Now if the phantom of a then
embryon-electrician had arisen and told them that their "high art
marbles possessed an electric influence, which, acting in the
brain of the observer, would awake in him emotions of so exalted
a character, that he forthwith, inevitably nodding at them,
must utter the tremendous syllables 'High Art;'" he, the then
embryon-electrician, from that age withheld to bless and irradiate
the physiology of ours, would have done something more to the purpose
than all the critics and the compasses.
Thus then we see, that the antique, however successfully it may have
wrought, is not our model; for, according to that faith demanded at
setting out, fine art delights us from its being the semblance of
what in nature delights.
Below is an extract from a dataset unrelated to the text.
(* Let $n\ge 3$. A polygon $Q\in\mathbf S(s_1,\dots,s_n)$ is a critical point of the restriction of $\mathcal P$ to the smooth manifold $\mathbf S(s_1,\dots,s_n)$ if and only if $Q$ is tangential.
   Context: Fix $n\ge 3$ pairwise non-parallel lines $s_1,\dots,s_n\subset\mathbb{R}^2$ through the origin, each with a fixed direction $\vec s_i$. For lines $e_i\parallel s_i$, $Q=Q(e_1,\dots,e_n)$ is the closed polygon with consecutive vertices $v_i=e_i\cap e_{i+1}$ (indices mod $n$), and $\widetilde{\mathbf S}(s_1,\dots,s_n)$ is the space of such polygons modulo translations. Oriented area: $\mathcal A=\frac12\sum_i(x_iy_{i+1}-x_{i+1}y_i)$ for vertices $v_i=(x_i,y_i)$. $\mathbf S(s_1,\dots,s_n)=\{Q\in\widetilde{\mathbf S}:|\mathcal A(Q)|=1\}$. Each $e_i$ is oriented along $\vec s_i$, giving $\vec e_i$; the perimeter is $\mathcal P(Q)=\sum_i\operatorname{sign}_Q(i)|v_iv_{i+1}|$ with $\operatorname{sign}_Q(i)=1$ if $\vec e_i$ is codirected with $\overrightarrow{v_iv_{i+1}}$ and $-1$ otherwise (a linear function on $\widetilde{\mathbf S}$). $Q$ is tangential if there is a circle $\sigma$ tangent to every $e_i$ such that either $\sigma$ lies to the left of all $\vec e_i$ or $\sigma$ lies to the right of all $\vec e_i$. *)

From Stdlib Require Import Reals Lra Lia Arith.
Open Scope R_scope.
Now, as the artist does not work by the
instrumentality of rule and science, but mainly by an instinctive
impulse; if he copy the antique, unable as he is to segregate the
merely delectable matter, he must needs copy the whole, and thereby
multiply models, which the casting-man can do equally well; whereas
if he copy nature, with a like inability to distinguish that
delectable attribute which allures him to copy her, and under the
same necessity of copying the whole, to make sure of this "tenant of
nowhere;" we then have the artist, the instructed of nature,
fulfilling his natural capacity, while his works we have as manifold
yet various as nature's own thoughts for her children.